**Problem description:** Starting with the first line of the data that follows, transcribe every line verbatim until the line containing "Definition simplicial_complex (D" has been transcribed.

### Data for analysis ###

(* Let $\Delta$ be a finite, flag, simply connected simplicial complex, with $\mathcal{P}_H$, $q$, $T$ and $p_n$ as in the context. There exists a constant $K$ such that $\mathrm{Area}_{\mathcal{P}_H}\big(p_n(q,\iota e)\,e^n\,p_n(\tau e,q)\big)\le K|n|^2$ for all $e\in\mathrm{Edge}(\Delta)$ and all $n\in\mathbb{Z}$.
   Context: $\mathrm{Edge}(\Delta)$ is the set of directed edges of $\Delta$; for $e$ in it, $\iota e$, $\tau e$ are its initial and terminal vertices and $\overline{e}$ is the reversed edge. $e_1\cdot\ldots\cdot e_l$ is a combinatorial path if $\tau e_i=\iota e_{i+1}$, and a combinatorial 1-cycle if also $\tau e_l=\iota e_1$. $\mathcal{P}_H=\langle\mathrm{Edge}(\Delta)\mid\mathcal{R}_H\rangle$ where $\mathcal{R}_H$ consists of the words $e\overline{e}$ ($e\in\mathrm{Edge}(\Delta)$) and $efg$, $e^{-1}f^{-1}g^{-1}$ for every combinatorial 1-cycle $e\cdot f\cdot g$. $\mathrm{Area}_{\mathcal{P}_H}(w)$ is the least $m$ such that $w$ is freely equal to $\prod_{i=1}^m x_ir_ix_i^{-1}$ with $r_i\in\mathcal{R}_H^{\pm1}$. For a letter $e$ and $k\in\mathbb{Z}$, $e^k$ is the word of $k$ copies of $e$ if $k\ge0$ and $|k|$ copies of $e^{-1}$ if $k<0$. Fix a vertex $q$ and a spanning tree $T$ of the 1-skeleton of $\Delta$; for $n\in\mathbb{Z}$ and vertices $u,v$, $p_n(u,v)=e_1^n\cdots e_l^n$ where $e_1\cdot\ldots\cdot e_l$ is the unique geodesic combinatorial path in $T$ from $u$ to $v$. *)

From Stdlib Require Import Relations.
From mathcomp Require Import all_boot all_algebra.
Set Implicit Arguments. Unset Strict Implicit. Unset Printing Implicit Defensive.
Import GRing.Theory Num.Theory.

Section Complex.
Variable V : finType.

Definition simplicial_complex (D : {set {set V}}) : Prop :=
  (forall s, s \in D -> s != set0) /\
  (forall s t : {set V}, s \in D -> t \subset s -> t != set0 -> t \in D) /\
  (forall v : V, [set v] \in D).

Definition flag (D : {set {set V}}) : Prop :=
  forall s : {set V}, s != set0 ->
    (forall x y, x \in s -> y \in s -> [set x; y] \in D) -> s \in D.

Definition is_edge (D : {set {set V}}) (e : V * V) : bool :=
  (e.1 != e.2) && ([set e.1; e.2] \in D).
Definition iota_e (e : V * V) : V := e.1.
Definition tau_e (e : V * V) : V := e.2.
Definition rev_edge (e : V * V) : V * V := (e.2, e.1).

Fixpoint cpath_from (u : V) (p : seq (V * V)) (v : V) : bool :=
  if p is e :: p' then (e.1 == u) && cpath_from e.2 p' v else u == v.

Definition connected1 (D : {set {set V}}) : Prop :=
  forall u v : V, exists p, all (is_edge D) p && cpath_from u p v.

Inductive ep_step (D : {set {set V}}) : seq (V * V) -> seq (V * V) -> Prop :=
| EPback p1 p2 e : is_edge D e ->
    ep_step D (p1 ++ e :: rev_edge e :: p2) (p1 ++ p2)
| EPtri p1 p2 e f : is_edge D e -> is_edge D f -> e.2 = f.1 -> e.1 != f.2 ->
    [set e.1; e.2; f.2] \in D ->
    ep_step D (p1 ++ e :: f :: p2) (p1 ++ (e.1, f.2) :: p2).

Definition ep_homotopic (D : {set {set V}}) := clos_refl_sym_trans _ (ep_step D).

Definition simply_connected (D : {set {set V}}) : Prop :=
  connected1 D /\
  forall u p, all (is_edge D) p -> cpath_from u p u -> ep_homotopic D p [::].

(** Spanning trees of the 1-skeleton, given by their sets of (undirected) edges. *)
Definition in_tree (T : {set {set V}}) (e : V * V) : bool :=
  (e.1 != e.2) && ([set e.1; e.2] \in T).

Definition spanning_tree (D T : {set {set V}}) : Prop :=
  (forall t, t \in T -> (t \in D) && (#|t| == 2)) /\
  (forall u v : V, exists p, all (in_tree T) p && cpath_from u p v) /\
  (forall c : seq V, 3 <= size c -> uniq c ->
      ~~ cycle (fun x y => [set x; y] \in T) c).

Definition tree_geodesic (T : {set {set V}}) (u v : V) (p : seq (V * V)) : Prop :=
  all (in_tree T) p /\ cpath_from u p v /\
  forall p', all (in_tree T) p' -> cpath_from u p' v -> size p <= size p'.

(** Words in the free group on Edge(Delta): letter (e, true) = e,
    (e, false) = e^{-1}. *)
Definition letter := ((V * V) * bool)%type.
Definition inv_letter (a : letter) : letter := (a.1, ~~ a.2).
Definition inv_word (w : seq letter) : seq letter := rev (map inv_letter w).

Inductive free_step : seq letter -> seq letter -> Prop :=
| FreeStep u v a : free_step (u ++ a :: inv_letter a :: v) (u ++ v).

Definition free_eq := clos_refl_sym_trans _ free_step.

Definition relator (D : {set {set V}}) (r : seq letter) : Prop :=
  (exists e, is_edge D e /\ r = [:: (e, true); (rev_edge e, true)]) \/
  (exists e f g, [/\ is_edge D e, is_edge D f & is_edge D g] /\
     [/\ e.2 = f.1, f.2 = g.1 & g.2 = e.1] /\
     (r = [:: (e, true); (f, true); (g, true)] \/
      r = [:: (e, false); (f, false); (g, false)])).

Definition relator_pm (D : {set {set V}}) (r : seq letter) : Prop :=
  relator D r \/ relator D (inv_word r).

(** [area_le D w m] <-> Area_{P_H}(w) <= m : w is freely equal to a product
    of at most m conjugates x r x^{-1} with r in R_H^{+-1}. *)
Definition area_le (D : {set {set V}}) (w : seq letter) (m : nat) : Prop :=
  exists cs : seq (seq letter * seq letter),
    size cs <= m /\
    (forall c, c \in cs -> all (fun l : letter => is_edge D l.1) c.1 /\ relator_pm D c.2) /\
    free_eq w (flatten [seq c.1 ++ c.2 ++ inv_word c.1 | c <- cs]).

Definition letter_pow (e : V * V) (k : int) : seq letter :=
  nseq `|k|%N (e, (0 <= k)%R).

(** p_n(u,v) = e_1^n ... e_l^n along the tree path p = e_1 ... e_l. *)
Definition pn_word (p : seq (V * V)) (n : int) : seq letter :=
  flatten [seq letter_pow e n | e <- p].

End Complex.

From mathcomp Require Import all_boot all_algebra zify.
From Stdlib Require Import Relations Classical.
Set Implicit Arguments. Unset Strict Implicit. Unset Printing Implicit Defensive.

###

**Answer for this exercise:**
(* Let $\Delta$ be a finite, flag, simply connected simplicial complex, with $\mathcal{P}_H$, $q$, $T$ and $p_n$ as in the context. There exists a constant $K$ such that $\mathrm{Area}_{\mathcal{P}_H}\big(p_n(q,\iota e)\,e^n\,p_n(\tau e,q)\big)\le K|n|^2$ for all $e\in\mathrm{Edge}(\Delta)$ and all $n\in\mathbb{Z}$.
   Context: $\mathrm{Edge}(\Delta)$ is the set of directed edges of $\Delta$; for $e$ in it, $\iota e$, $\tau e$ are its initial and terminal vertices and $\overline{e}$ is the reversed edge. $e_1\cdot\ldots\cdot e_l$ is a combinatorial path if $\tau e_i=\iota e_{i+1}$, and a combinatorial 1-cycle if also $\tau e_l=\iota e_1$. $\mathcal{P}_H=\langle\mathrm{Edge}(\Delta)\mid\mathcal{R}_H\rangle$ where $\mathcal{R}_H$ consists of the words $e\overline{e}$ ($e\in\mathrm{Edge}(\Delta)$) and $efg$, $e^{-1}f^{-1}g^{-1}$ for every combinatorial 1-cycle $e\cdot f\cdot g$. $\mathrm{Area}_{\mathcal{P}_H}(w)$ is the least $m$ such that $w$ is freely equal to $\prod_{i=1}^m x_ir_ix_i^{-1}$ with $r_i\in\mathcal{R}_H^{\pm1}$. For a letter $e$ and $k\in\mathbb{Z}$, $e^k$ is the word of $k$ copies of $e$ if $k\ge0$ and $|k|$ copies of $e^{-1}$ if $k<0$. Fix a vertex $q$ and a spanning tree $T$ of the 1-skeleton of $\Delta$; for $n\in\mathbb{Z}$ and vertices $u,v$, $p_n(u,v)=e_1^n\cdots e_l^n$ where $e_1\cdot\ldots\cdot e_l$ is the unique geodesic combinatorial path in $T$ from $u$ to $v$. *)

From Stdlib Require Import Relations.
From mathcomp Require Import all_boot all_algebra.
Set Implicit Arguments. Unset Strict Implicit. Unset Printing Implicit Defensive.
Import GRing.Theory Num.Theory.

Section Complex.
Variable V : finType.

Definition simplicial_complex (D : {set {set V}}) : Prop :=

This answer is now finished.